Each week I like to share a song that has moved me and this afternoon as we were listening to a playlist on my phone, this one came on.  Phil Wickman’s “You’re Beautiful” is one of my favs.  The lyrics are simple and truly praise
God’s name.  He is beautiful and so is His plan.  

Today’s treatment was to be short and sweet with no doctor 
or physican assistant visit due to the holidays.  We ate a nice, relaxing lunch since I didn’t have school, grabbed donuts for the nursing staff, and then headed to the hospital.  

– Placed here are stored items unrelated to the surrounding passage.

(* Let $\ell$ be any bounded proper binary scoring rule. Then there exists another proper binary scoring rule $\tilde\ell$ and a constant $c>0$ such that for every sufficiently large $T$ there exist forecasts $\mathbf{p}^{(T)}\in[0,1]^T$ and outcomes $\mathbf{x}^{(T)}\in\{0,1\}^T$ with $\mathrm{Reg}_\ell(\mathbf p^{(T)},\mathbf x^{(T)})=o(T)$ (as $T\to\infty$) but $\mathrm{Reg}_{\tilde\ell}(\mathbf p^{(T)},\mathbf x^{(T)})\ge cT$.
   Context: A binary scoring rule is a function $\ell:[0,1]\times\{0,1\}\to\mathbb{R}$. For $p,q\in[0,1]$ write $\ell(p;q)=(1-q)\ell(p,0)+q\ell(p,1)$. It is proper if $\ell(p;p)\le\ell(p';p)$ for all $p,p'\in[0,1]$, and bounded if all its values lie in $[-1,1]$. For outcomes $\mathbf x\in\{0,1\}^T$ and forecasts $\mathbf p\in[0,1]^T$, with base rate $\beta=\frac1T\sum_t x_t$, the regret is $\mathrm{Reg}_\ell(\mathbf p,\mathbf x)=\sum_{t=1}^T\ell(p_t,x_t)-\sum_{t=1}^T\ell(\beta,x_t)$. *)

From mathcomp Require Import all_boot all_order all_algebra.
From mathcomp Require Import reals.
Set Implicit Arguments. Unset Strict Implicit. Unset Printing Implicit Defensive.
Import Order.TTheory GRing.Theory Num.Theory.
Local Open Scope ring_scope.

(* A binary scoring rule l : [0,1] x {0,1} -> R; outcomes encoded as bool
   (false = 0, true = 1); only values at p in [0,1] matter. *)
Definition exp_score {R : realType} (l : R -> bool -> R) (p q : R) : R :=
  (1 - q) * l p false + q * l p true.

Definition proper_rule {R : realType} (l : R -> bool -> R) : Prop :=
  forall p p' : R, 0 <= p <= 1 -> 0 <= p' <= 1 ->
    exp_score l p p <= exp_score l p' p.

Definition bounded_rule {R : realType} (l : R -> bool -> R) : Prop :=
  forall (p : R) (x : bool), 0 <= p <= 1 -> -1 <= l p x <= 1.

Definition base_rate {R : realType} (T : nat) (x : nat -> bool) : R :=
  (\sum_(t < T) ((x t : nat)%:R : R)) / T%:R.

Definition regret {R : realType} (l : R -> bool -> R) (T : nat)
  (p : nat -> R) (x : nat -> bool) : R :=
  \sum_(t < T) l (p t) (x t) - \sum_(t < T) l (base_rate T x) (x t).

(* Properness makes the slope s(p) = l(p,1) - l(p,0) nonincreasing on [0,1], and moreover
   |l(u,x) - l(v,x)| <= s(u) - s(v) whenever u <= v.  Being monotone, s is continuous at some
   c in (0,1).  Forecast just below c on the first floor(cT) rounds, whose outcome is 1, and
   just above c on the others, whose outcome is 0: forecasts and base rate all lie within 1/T
   of c, so continuity of s at c makes the l-regret o(T).  Under the V-shaped rule with kink c,
   however, each of these forecasts lies on the wrong side of c for its outcome and costs
   |c - x_t|, while the constant base-rate forecast earns |beta - c| per round, so the regret
   is at least 2c(1-c)T. *)

From mathcomp Require Import all_boot all_order all_algebra.
From mathcomp Require Import reals classical_sets.
From mathcomp Require Import ring lra zify.
Set Implicit Arguments.
Unset Strict Implicit.
Unset Printing Implicit Defensive.

Import Order.TTheory GRing.Theory Num.Theory.
Local Open Scope classical_set_scope.
Local Open Scope ring_scope.

Section ContinuityPoint.

Variables (R : realType) (f : R -> R) (a b : R).
Hypothesis lt_ab : a < b.
Hypothesis f_nonincr : forall u v, a <= u -> u <= v -> v <= b -> f v <= f u.

(* Of the two middle quarters of [u, v], keep the one on which f drops least: the drop at
   least halves and the new interval lies strictly inside [u, v]. *)
Definition quarter_step (uv : R * R) : R * R :=
  let: (u, v) := uv in
  let m := (u + v) / 2 in
  let u' := (3 * u + v) / 4 in
  let v' := (u + 3 * v) / 4 in
  if f u' - f m <= f m - f v' then (u', m) else (m, v').

Lemma quarter_step_inner u v : a <= u -> u < v -> v <= b ->
  let: (u', v') := quarter_step (u, v) in
  [/\ u < u', u' < v', v' < v & 2 * (f u' - f v') <= f u - f v].
Proof.
move=> au uv vb /=.
set m := (u + v) / 2; set u' := (3 * u + v) / 4; set v' := (u + 3 * v) / 4.
have [uu' u'm mv' v'v] : [/\ u < u', u' < m, m < v' & v' < v].
  by rewrite /u' /m /v'; split; lra.
have mono x y : u <= x -> x <= y -> y <= v -> f y <= f x.
  by move=> *; apply: f_nonincr; lra.
have d1 : f u' <= f u by apply: mono; lra.
have d2 : f m <= f u' by apply: mono; lra.
have d3 : f v' <= f m by apply: mono; lra.
have d4 : f v <= f v' by apply: mono; lra.
by case: lerP => /= small; split; lra.
Qed.

Definition nested_itv (k : nat) : R * R := iter k quarter_step (a, b).

Local Notation lo k := (nested_itv k).1.
Local Notation hi k := (nested_itv k).2.

Lemma nested_itvS k : nested_itv k.+1 = quarter_step (lo k, hi k).
Proof. by rewrite /nested_itv iterS; case: (iter _ _ _). Qed.

Lemma nested_itv_spec k :
  [/\ a <= lo k, lo k < hi k, hi k <= b & 2 ^+ k * (f (lo k) - f (hi k)) <= f a - f b].
Proof.
elim: k => [|k [alo lohi hib drop]].
  by rewrite /nested_itv /= expr0 mul1r; split.
rewrite nested_itvS.
have := quarter_step_inner alo lohi hib; case: quarter_step => u' v' /= [? ? ? half].
split; [lra | lra | lra |].
by rewrite exprS -mulrA; apply: le_trans drop; rewrite mulrCA ler_pM2l ?exprn_gt0.
Qed.

Lemma nested_itv_strict k : lo k < lo k.+1 /\ hi k.+1 < hi k.
Proof.
have [alo lohi hib _] := nested_itv_spec k.
rewrite nested_itvS.
by have := quarter_step_inner alo lohi hib; case: quarter_step => u' v' /= [].
Qed.

Lemma nested_itv_mono i j : (i <= j)%N -> lo i <= lo j /\ hi j <= hi i.
Proof.
move=> /subnK <-; elim: (j - i)%N => [|d [lo_le hi_le]]; first by rewrite add0n.
have [lo_lt hi_lt] := nested_itv_strict (d + i).
by split; [exact: le_trans (ltW lo_lt) | exact: le_trans (ltW hi_lt) hi_le].
Qed.

Lemma nested_itv_lo_lt_hi i j : lo i < hi j.
Proof.
have [lo_le _] := nested_itv_mono (leq_maxl i j).
have [_ hi_le] := nested_itv_mono (leq_maxr i j).
have [_ lohi _ _] := nested_itv_spec (maxn i j).
exact: le_lt_trans lo_le (lt_le_trans lohi hi_le).
Qed.

Lemma nonincreasing_continuity_point :
  exists2 c, a < c < b & forall eps, 0 < eps ->
    exists u v, [/\ a <= u, u < c, c < v, v <= b & f u - f v <= eps].
Proof.
pose c := sup (range (fun k => lo k)).
have hi_ub k : ubound (range (fun k => lo k)) (hi k).
  by move=> _ [i _ <-]; exact: ltW (nested_itv_lo_lt_hi i k).
have lo_ne : range (fun k => lo k) !=set0 by exists a, 0%N.
have lo_sup : has_sup (range (fun k => lo k)) by split => //; exists b; exact: hi_ub 0%N.
have lo_lt_c k : lo k < c.
  by apply: lt_le_trans (nested_itv_strict k).1 (sup_upper_bound lo_sup _); exists k.+1.
have c_lt_hi k : c < hi k.
  exact: le_lt_trans (ge_sup lo_ne (hi_ub k.+1)) (nested_itv_strict k).2.
exists c; first by rewrite (lo_lt_c 0%N) (c_lt_hi 0%N).
move=> eps eps_gt0; pose k := Num.bound ((f a - f b) / eps).
have [alo _ hib drop] := nested_itv_spec k.
exists (lo k), (hi k); split; [exact: alo | exact: lo_lt_c | exact: c_lt_hi | exact: hib |].
have drop_ge0 : 0 <= f a - f b by rewrite subr_ge0; apply: f_nonincr => //; exact: ltW.
have k_gt : (f a - f b) / eps < k%:R by apply/archi_boundP/divr_ge0/ltW.
have k_lt : k%:R < 2 ^+ k :> R by rewrite -natrX ltr_nat ltn_expl.
rewrite ltr_pdivrMr // in k_gt.
have pow_gt0 : 0 < 2 ^+ k :> R by exact: exprn_gt0.
nra.
Qed.

End ContinuityPoint.

Section ProperRules.

Variables (R : realType) (l : R -> bool -> R).
Hypothesis l_proper : proper_rule l.

Definition score_slope (p : R) : R := l p true - l p false.

Lemma proper_score_gap u v : 0 <= u -> u <= v -> v <= 1 ->
  v * (score_slope v - score_slope u) <= l u false - l v false
  <= u * (score_slope v - score_slope u).
Proof.
move=> u_ge0 uv v_le1.
have u01 : 0 <= u <= 1 by apply/andP; lra.
have v01 : 0 <= v <= 1 by apply/andP; lra.
have := l_proper u01 v01; have := l_proper v01 u01.
by rewrite /exp_score /score_slope => *; apply/andP; lra.
Qed.

Lemma score_slope_nonincr u v : 0 <= u -> u <= v -> v <= 1 ->
  score_slope v <= score_slope u.
Proof.
move=> u_ge0 uv v_le1; have /andP[gap_lo gap_hi] := proper_score_gap u_ge0 uv v_le1.
by move: uv; rewrite le_eqVlt => /predU1P[-> // | ltuv]; nra.
Qed.

Lemma proper_score_dist u v x : 0 <= u -> u <= v -> v <= 1 ->
  `|l u x - l v x| <= score_slope u - score_slope v.
Proof.
move=> u_ge0 uv v_le1; have /andP[gap_lo gap_hi] := proper_score_gap u_ge0 uv v_le1.
have := score_slope_nonincr u_ge0 uv v_le1.
by rewrite ler_norml /score_slope in gap_lo gap_hi *; case: x; nra.
Qed.

Lemma proper_score_dist_within u v p q x : 0 <= u -> v <= 1 ->
  u <= p <= v -> u <= q <= v ->
  `|l p x - l q x| <= score_slope u - score_slope v.
Proof.
move=> u_ge0 v_le1.
wlog pq : p q / p <= q => [wlog_pq|/andP[up pv] /andP[uq qv]].
  by move=> Hp Hq; case: (lerP p q) => [|/ltW] pq; last rewrite distrC; apply: wlog_pq.
have := proper_score_dist x (le_trans u_ge0 up) pq (le_trans qv v_le1).
have := score_slope_nonincr u_ge0 up (le_trans pq (le_trans qv v_le1)).
have := score_slope_nonincr (le_trans u_ge0 uq) qv v_le1.
lra.
Qed.

Lemma regret_abs_le u v T p x : 0 <= u -> v <= 1 ->
  (forall t, (t < T)%N -> u <= p t <= v) -> u <= base_rate T x <= v ->
  `|regret l T p x| <= T%:R * (score_slope u - score_slope v).
Proof.
move=> u_ge0 v_le1 p_in beta_in.
have term_le (t : 'I_T) :
    `|l (p t) (x t) - l (base_rate T x) (x t)| <= score_slope u - score_slope v.
  exact: proper_score_dist_within (p_in t (ltn_ord t)) beta_in.
rewrite /regret -sumrB (le_trans (ler_norm_sum _ _ _)) //.
apply: le_trans (ler_sum _ (fun t _ => term_le t)) _.
by rewrite sumr_const card_ord mulr_natl.
Qed.

End ProperRules.

Lemma base_rate_sum {R : realType} T x :
  base_rate T x * T%:R = \sum_(t < T) (x t : nat)%:R :> R.
Proof.
by case: T => [|T]; rewrite /base_rate ?big_ord0 ?mulr0 // divfK // pnatr_eq0.
Qed.

Section VShapedRule.

Variables (R : realType) (c : R).

(* Expected score under q: sg(p - c) * (c - q), minimal (equal to -|q - c|) at p = q. *)
Definition vshaped_rule (p : R) (x : bool) : R := Num.sg (p - c) * (c - (x : nat)%:R).

Lemma vshaped_rule_proper : proper_rule vshaped_rule.
Proof.
move=> p p' _ _.
have exp_scoreE q : exp_score vshaped_rule q p = Num.sg (q - c) * (c - p).
  by rewrite /exp_score /vshaped_rule /=; ring.
rewrite !exp_scoreE.
have -> : Num.sg (p - c) * (c - p) = - `|c - p| by rewrite distrC normrEsg -mulrN opprB.
have : `|Num.sg (p' - c) * (c - p)| <= `|c - p|.
  by rewrite normrM normr_sg; case: eqP; rewrite ?mul0r ?mul1r.
by rewrite ler_norml => /andP[].
Qed.

Lemma vshaped_regret T p x :
  (forall t, (t < T)%N -> if x t then p t < c else c < p t) ->
  let beta := base_rate T x in
  regret vshaped_rule T p x = T%:R * (beta * (1 - c) + (1 - beta) * c + `|beta - c|).
Proof.
move=> sides beta.
have forecast_term (t : 'I_T) :
    vshaped_rule (p t) (x t) = c + (x t : nat)%:R * (1 - 2 * c).
  have := sides t (ltn_ord t); rewrite /vshaped_rule.
  case: (x t) => /= side.
    by rewrite ltr0_sg ?subr_lt0 //; ring.
  by rewrite gtr0_sg ?subr_gt0 //; ring.
have X := base_rate_sum (R := R) T x; rewrite -/beta in X.
rewrite /regret (eq_bigr _ (fun t _ => forecast_term t)) big_split /= -mulr_suml.
rewrite /vshaped_rule -/beta -mulr_sumr sumrB !sumr_const card_ord -X.
rewrite normrEsg; ring.
Qed.

Lemma vshaped_regret_ge T p x : 0 <= c <= 1 ->
  (forall t, (t < T)%N -> if x t then p t < c else c < p t) ->
  2 * c * (1 - c) * T%:R <= regret vshaped_rule T p x.
Proof.
move=> /andP[c_ge0 c_le1] sides; rewrite (vshaped_regret sides) mulrC ler_wpM2l //.
by case: (lerP (base_rate T x) c) => beta_c; nra.
Qed.

End VShapedRule.

Lemma sum_prefix_indicator (R : pzSemiRingType) n T :
  \sum_(t < T) ((t < n)%N : nat)%:R = (minn n T)%:R :> R.
Proof.
elim: T => [|T IH]; first by rewrite big_ord0 minn0.
by rewrite big_ord_recr /= IH -natrD; congr _%:R; lia.
Qed.

Section Straddle.

Variables (R : realType) (c : R).

Definition straddle_ones (T : nat) : nat := Num.truncn (c * T%:R).

Definition straddle_outcome (T t : nat) : bool := (t < straddle_ones T)%N.

(* Both values lie in [0, 1] for T >= 1 and within 1/T of c. *)
Definition straddle_forecast (T t : nat) : R :=
  if straddle_outcome T t then c - c / T%:R else c + (1 - c) / T%:R.

Lemma straddle_ones_spec T : 0 <= c ->
  (straddle_ones T)%:R <= c * T%:R < (straddle_ones T).+1%:R.
Proof. by move=> c_ge0; apply: truncn_itv; rewrite mulr_ge0. Qed.

Lemma base_rate_straddle T : 0 <= c -> c <= 1 -> (0 < T)%N ->
  c - T%:R^-1 <= base_rate T (straddle_outcome T) <= c.
Proof.
move=> c_ge0 c_le1 T_gt0; have /andP[ones_le ones_gt] := straddle_ones_spec T c_ge0.
have ones_leT : (straddle_ones T <= T)%N.
  by rewrite -(ler_nat R); apply: le_trans ones_le _; rewrite ler_piMl.
have T_pos : 0 < T%:R :> R by rewrite ltr0n.
have TV : T%:R * T%:R^-1 = 1 :> R by rewrite mulfV // gt_eqF.
have := base_rate_sum (R := R) T (straddle_outcome T).
rewrite sum_prefix_indicator (minn_idPl ones_leT) -natr1 in ones_gt *; nra.
Qed.

Lemma straddle_forecast_spec T t : 0 < c -> c < 1 -> (t < T)%N ->
  [/\ 0 <= straddle_forecast T t <= 1,
      c - T%:R^-1 <= straddle_forecast T t <= c + T%:R^-1
    & if straddle_outcome T t then straddle_forecast T t < c
      else c < straddle_forecast T t].
Proof.
move=> c_gt0 c_lt1 tT.
have T_ge1 : 1 <= T%:R :> R by rewrite ler1n (leq_ltn_trans _ tT).
have iT_gt0 : 0 < T%:R^-1 :> R by rewrite invr_gt0; lra.
have iT_le1 : T%:R^-1 <= 1 :> R by rewrite invf_le1; lra.
by rewrite /straddle_forecast; case: straddle_outcome; split; try apply/andP; try split; nra.
Qed.

Lemma straddle_regret_abs_le (l : R -> bool -> R) u v : proper_rule l ->
  0 <= u -> u < c -> c < v -> v <= 1 ->
  exists N, forall T, (N <= T)%N ->
    `|regret l T (straddle_forecast T) (straddle_outcome T)|
      <= T%:R * (score_slope l u - score_slope l v).
Proof.
move=> l_proper u_ge0 uc cv v_le1.
have c_gt0 := le_lt_trans u_ge0 uc; have c_lt1 := lt_le_trans cv v_le1.
have delta_gt0 : 0 < Num.min (c - u) (v - c) by rewrite lt_min !subr_gt0 uc cv.
exists (Num.bound (Num.min (c - u) (v - c))^-1) => T TN.
have T_gt : (Num.min (c - u) (v - c))^-1 < T%:R.
  by apply: lt_le_trans (archi_boundP _) _; rewrite ?ler_nat // invr_ge0 ltW.
have T_pos : 0 < T%:R :> R by apply: lt_trans T_gt; rewrite invr_gt0.
have : T%:R^-1 < Num.min (c - u) (v - c) by rewrite invf_plt ?posrE.
rewrite lt_min => /andP[iT_u iT_v].
apply: regret_abs_le => //.
  move=> t tT; have [_ /andP[f_lo f_hi] _] := straddle_forecast_spec c_gt0 c_lt1 tT.
  by apply/andP; lra.
have T_gt0 : (0 < T)%N by rewrite -(ltr0n R).
have /andP[b_lo b_hi] := base_rate_straddle (ltW c_gt0) (ltW c_lt1) T_gt0.
by apply/andP; lra.
Qed.

End Straddle.

Theorem theorem3p2 (R : realType) (l : R -> bool -> R) :
  proper_rule l -> bounded_rule l ->
  exists (lt : R -> bool -> R) (c : R),
    proper_rule lt /\ 0 < c /\
    exists (T0 : nat) (p : nat -> nat -> R) (x : nat -> nat -> bool),
      (forall T t : nat, (T0 <= T)%N -> (t < T)%N -> 0 <= p T t <= 1) /\
      (forall eps : R, 0 < eps -> exists N : nat, forall T : nat,
          (N <= T)%N -> `|regret l T (p T) (x T)| <= eps * T%:R) /\
      (forall T : nat, (T0 <= T)%N -> c * T%:R <= regret lt T (p T) (x T)).
Proof.
move=> l_proper _.
have [c /andP[c_gt0 c_lt1] slope_osc] :=
  nonincreasing_continuity_point ltr01 (score_slope_nonincr l_proper).
exists (vshaped_rule c), (2 * c * (1 - c)); split; first exact: vshaped_rule_proper.
split; first by rewrite !mulr_gt0 // subr_gt0.
exists 0%N, (straddle_forecast c), (straddle_outcome c); split; [|split].
- by move=> T t _ /(straddle_forecast_spec c_gt0 c_lt1)[].
- move=> eps eps_gt0; have [u [v [u_ge0 uc cv v_le1 slope_le]]] := slope_osc eps eps_gt0.
  have [N regret_le] := straddle_regret_abs_le l_proper u_ge0 uc cv v_le1.
  exists N => T /regret_le /le_trans; apply.
  by rewrite mulrC ler_wpM2r.
- move=> T _; apply: vshaped_regret_ge => [|t /(straddle_forecast_spec c_gt0 c_lt1)[] //].
  by rewrite !ltW.
Qed.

We sat down and I immediately remembered that I did not put my lidocaine cream on my port site for numbing as it is accessed.  I threw a big old blob on the port site but was too late.  20 minutes just doesn’t do the trick.  It takes a full hour to numb and I could’ve cried and the injection hurt.  I learned my lesson and will never forget to apply it again.  I had it in my purse and all to put it on at lunch and just forgot.  I also forgot to take my steroids yesterday morning and had to adjust the timing of those all day yesterday.  My brain just doesn’t do its  job sometimes and that’s hard to accept.  J does such a good job reminding me of lots of things in such suttle, sweet ways but I still have “chemo brain” and let me say that it is NO JOKE!  Soooooo, the port being accessed was painful, but the blood collection went well (thank the Lord), my platelet count was awesome, and we were set for chemo #12.  Straight back we went to a tv room for my guys to watch a little Miami vs. Pitt football game.  What a win for Pitt!  This Clemson fan was a little happy to see the outcome of that one as we play them soon. Now let’s just hope they don’t come after us harder than ever in the ACC championship.  I usually chose a window room, but with good college football on, how could I not let my guys watch a good game as they are so sweet to sit with me each week.  
Recently St. Francis received the first grant in the state with Angie’s Spa Cancer Foundation to help cancer patients reduce side effects going through chemo. One of the therapist that I adore asked me a few weeks ago if I would be willing to share my testimony and how the massages offered have helped me while undergoing therapy.  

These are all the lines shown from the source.